In [263]:
import pandas as pd
# import ydata_profiling  as ProfileReport
from sklearn.model_selection import train_test_split
from sklearn.impute import SimpleImputer
from sklearn.preprocessing import StandardScaler
from sklearn.pipeline import Pipeline
from sklearn.preprocessing import OrdinalEncoder
from sklearn.preprocessing import OneHotEncoder
from sklearn.compose import ColumnTransformer
from sklearn.linear_model import LinearRegression
from sklearn.ensemble import RandomForestRegressor
from sklearn.linear_model import LarsCV
from sklearn.model_selection import GridSearchCV
from sklearn.model_selection import RandomizedSearchCV
from sklearn.metrics import classification_report, confusion_matrix

from sklearn.metrics import mean_squared_error
from sklearn.metrics import mean_absolute_error
from sklearn.metrics import r2_score

from lazypredict.Supervised import LazyRegressor


df = pd.read_csv('D:\Hutson\learning-materials\AI&ML\Khóa 12-02AIMLDLCV nâng cao\Class\Datasets\StudentScore.xls')
df.head()

Unnamed: 0,gender,race/ethnicity,parental level of education,lunch,test preparation course,math score,reading score,writing score
0,female,group B,bachelor's degree,standard,none,72,72,74
1,female,group C,some college,standard,completed,69,90,88
2,female,group B,master's degree,standard,none,90,95,93
3,male,group A,associate's degree,free/reduced,none,47,57,44
4,male,group C,some college,standard,none,76,78,75


In [264]:
df['parental level of education'].unique()

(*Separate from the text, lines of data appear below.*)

(* Let $k\ge1$, let $\Lambda$ be a row-finite $k$-graph with no sources and $R$ a commutative ring with $1$. The following are equivalent: (1) $\mathrm{KP}_R(\Lambda)$ is commutative; (2) $r(\lambda)=s(\lambda)$ for all $\lambda\in\Lambda$, and for every $n\in\mathbb{N}^k$ the restriction of $r$ to $\Lambda^n$ is injective; (3) $\Lambda$ is isomorphic (as a $k$-graph) to the disjoint union $\bigsqcup_{v\in\Lambda^0}\mathbb{N}^k$ of copies of $\mathbb{N}^k$, where $\mathbb{N}^k$ is viewed as a $k$-graph with one object and degree map the identity; (4) $\mathrm{KP}_R(\Lambda)\cong\bigoplus_{v\in\Lambda^0}R[x_1,x_1^{-1},\ldots,x_k,x_k^{-1}]$ (Laurent polynomials in $k$ commuting indeterminates).
   Context: $\mathbb{N}^k$ is regarded as a category with one object, composition being addition. A $k$-graph is a countable category $\Lambda$ with a functor $d:\Lambda\to\mathbb{N}^k$ with unique factorization: whenever $d(\lambda)=m+n$ there are unique $\mu,\nu$ with $d(\mu)=m$, $d(\nu)=n$, $\lambda=\mu\nu$. Vertices (objects) are identified with degree-$0$ morphisms; $\Lambda^0$ is the vertex set, $\Lambda^n=d^{-1}(n)$, $r,s$ are range and source, $\lambda\mu$ is defined when $s(\lambda)=r(\mu)$; $v\Lambda^n=\{\lambda\in\Lambda^n:r(\lambda)=v\}$. Row-finite: each $v\Lambda^n$ is finite; no sources: each $v\Lambda^n$ is nonempty. With $\Lambda^{\neq0}$ the paths of nonzero degree and formal symbols $\lambda^*$, a Kumjian-Pask $\Lambda$-family in an $R$-algebra $A$ is $P:\Lambda^0\to A$, $S:\Lambda^{\neq0}\cup\{\lambda^*\}\to A$ with: (KP1) the $P_v$ are mutually orthogonal idempotents; (KP2) for $r(\mu)=s(\lambda)$: $S_\lambda S_\mu=S_{\lambda\mu}$, $S_{\mu^*}S_{\lambda^*}=S_{(\lambda\mu)^*}$, $P_{r(\lambda)}S_\lambda=S_\lambda=S_\lambda P_{s(\lambda)}$, $P_{s(\lambda)}S_{\lambda^*}=S_{\lambda^*}=S_{\lambda^*}P_{r(\lambda)}$; (KP3) $S_{\lambda^*}S_\mu=\delta_{\lambda,\mu}P_{s(\lambda)}$ when $d(\lambda)=d(\mu)$; (KP4) $P_v=\sum_{\lambda\in v\Lambda^n}S_\lambda S_{\lambda^*}$ for $n\neq0$. $\mathrm{KP}_R(\Lambda)$ is the $R$-algebra generated by a universal Kumjian-Pask $\Lambda$-family $(p,s)$ (every Kumjian-Pask family in an $R$-algebra is the image of $(p,s)$ under a unique $R$-algebra homomorphism). *)

From HB Require Import structures.
From mathcomp Require Import all_boot all_algebra.
From mathcomp Require Import finmap.
From mathcomp.multinomials Require Import monalg.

array(["bachelor's degree", 'some college', "master's degree",
       "associate's degree", 'high school', 'some high school'],
      dtype=object)

In [265]:
numeric_data = df.select_dtypes(include=[int, float])
df[numeric_data.columns].corr()  

Unnamed: 0,math score,reading score,writing score
math score,1.0,0.82,0.8
reading score,0.82,1.0,0.95
writing score,0.8,0.95,1.0


In [266]:
target = 'math score'

x = df.drop(target, axis=1)
y = df[target]

In [267]:
x_train, x_test, y_train, y_test = train_test_split(x, y, test_size=0.2, random_state=42)

In [268]:
num_transformer = Pipeline(steps=[
    ('imputer', SimpleImputer(strategy='median')),
    ('scaler', StandardScaler()),
])

In [269]:
education_values = ["some high school", "high school", "some college", "associate's degree", "bachelor's degree", "master's degree"]
gender_values = ['male','female']
lunch_values = x_train['lunch'].unique()
test_preparation_course_values = x_train['test preparation course'].unique()

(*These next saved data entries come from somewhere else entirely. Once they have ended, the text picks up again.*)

Lemma phi_attained (z : R) : exists m : Z, phi z = Rabs (z - IZR m).
Proof.
  unfold phi. destruct (base_Int_part z) as [H1 H2].
  set (I := Int_part z) in *.
  destruct (Rle_dec (z - IZR I) (IZR I + 1 - z)) as [H|H].
  - exists I. rewrite Rmin_left by lra. rewrite Rabs_right; lra.
  - exists (I + 1)%Z. rewrite Rmin_right by lra. rewrite plus_IZR, Rabs_left1; lra.
Qed.

Lemma phi_nonneg (z : R) : 0 <= phi z.
Proof. destruct (phi_attained z) as [m ->]. apply Rabs_pos. Qed.

Lemma phi_shift_int (z : R) (m : Z) : phi (z + IZR m) = phi z.
Proof.
  apply Rle_antisym.
  - destruct (phi_attained z) as [m0 ->].
    replace (z - IZR m0) with (z + IZR m - IZR (m0 + m)) by (rewrite plus_IZR; ring).
    apply phi_le_dist.
  - destruct (phi_attained (z + IZR m)) as [m1 ->].
    replace (z + IZR m - IZR m1) with (z - IZR (m1 - m)) by (rewrite minus_IZR; ring).
    apply phi_le_dist.
Qed.

Lemma phi_opp (z : R) : phi (- z) = phi z.
Proof.
  assert (Hle : forall w, phi (- w) <= phi w).
  { intros w. destruct (phi_attained w) as [m ->].
    replace (Rabs (w - IZR m)) with (Rabs (- w - IZR (- m)))
      by (rewrite opp_IZR, <- Rabs_Ropp; f_equal; ring).
    apply phi_le_dist. }
  apply Rle_antisym; [apply Hle|]. rewrite <- (Ropp_involutive z) at 1. apply Hle.
Qed.

Lemma phi_unit_interval (t : R) : 0 <= t <= 1 -> phi t = Rmin t (1 - t).
Proof.
  intros Ht. apply Rle_antisym.
  - apply Rmin_glb.
    + replace t with (Rabs (t - IZR 0)) at 2 by (rewrite Rabs_right; simpl; lra).
      apply phi_le_dist.
    + replace (1 - t) with (Rabs (t - IZR 1)) by (rewrite Rabs_left1; simpl; lra).
      apply phi_le_dist.
  - destruct (phi_attained t) as [m ->].
    destruct (Z_le_gt_dec m 0) as [Hm|Hm].
    + apply IZR_le in Hm. apply Rle_trans with t; [apply Rmin_l|].
      rewrite Rabs_right; simpl in *; lra.
    + assert (Hm' : (1 <= m)%Z) by lia. apply IZR_le in Hm'.
      apply Rle_trans with (1 - t); [apply Rmin_r|]. rewrite Rabs_left1; lra.
Qed.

ord_transformer = Pipeline(steps=[
    ('imputer', SimpleImputer(strategy='most_frequent')),
    ('scaler', OrdinalEncoder(categories=[education_values,gender_values,lunch_values,test_preparation_course_values]))
])

In [270]:
nom_transformer = Pipeline(steps=[
    ('imputer', SimpleImputer(strategy='most_frequent')),
    ('scaler', OneHotEncoder())
])

In [271]:
preprocessor = ColumnTransformer(transformers=[
    ("num_features", num_transformer, ["reading score", "writing score"]),
    ("nom_features", nom_transformer,["race/ethnicity"]),
    ("ord_features", ord_transformer,["parental level of education","gender","lunch","test preparation course"])]
    )

In [272]:
reg = Pipeline(steps=[('preprocessor', preprocessor),
                      ('model', LarsCV())
                    ])



# processed_data = reg.fit_transform(x_train)
# pd.DataFrame(processed_data)
reg.fit(x_train, y_train)
y_pred = reg.predict(x_test)
# for i, j in zip(y_pred, y_test):
#     print("Predicted: ", i, "Actual: ", j)

In [273]:
params = {
    "model__max_n_alphas": [100, 200, 300, 400, 500],
    "model__n_jobs": [1, 2, 3, 4, 5],
    "model__precompute": [True, False],
    "model__max_iter": [100, 200, 300],
    "model__cv": [3, 4, 5, 6, 7, 8]
}

model = RandomizedSearchCV(reg, param_distributions=params, cv=5, n_jobs=-1,verbose=2, scoring='r2', n_iter=9, random_state=42)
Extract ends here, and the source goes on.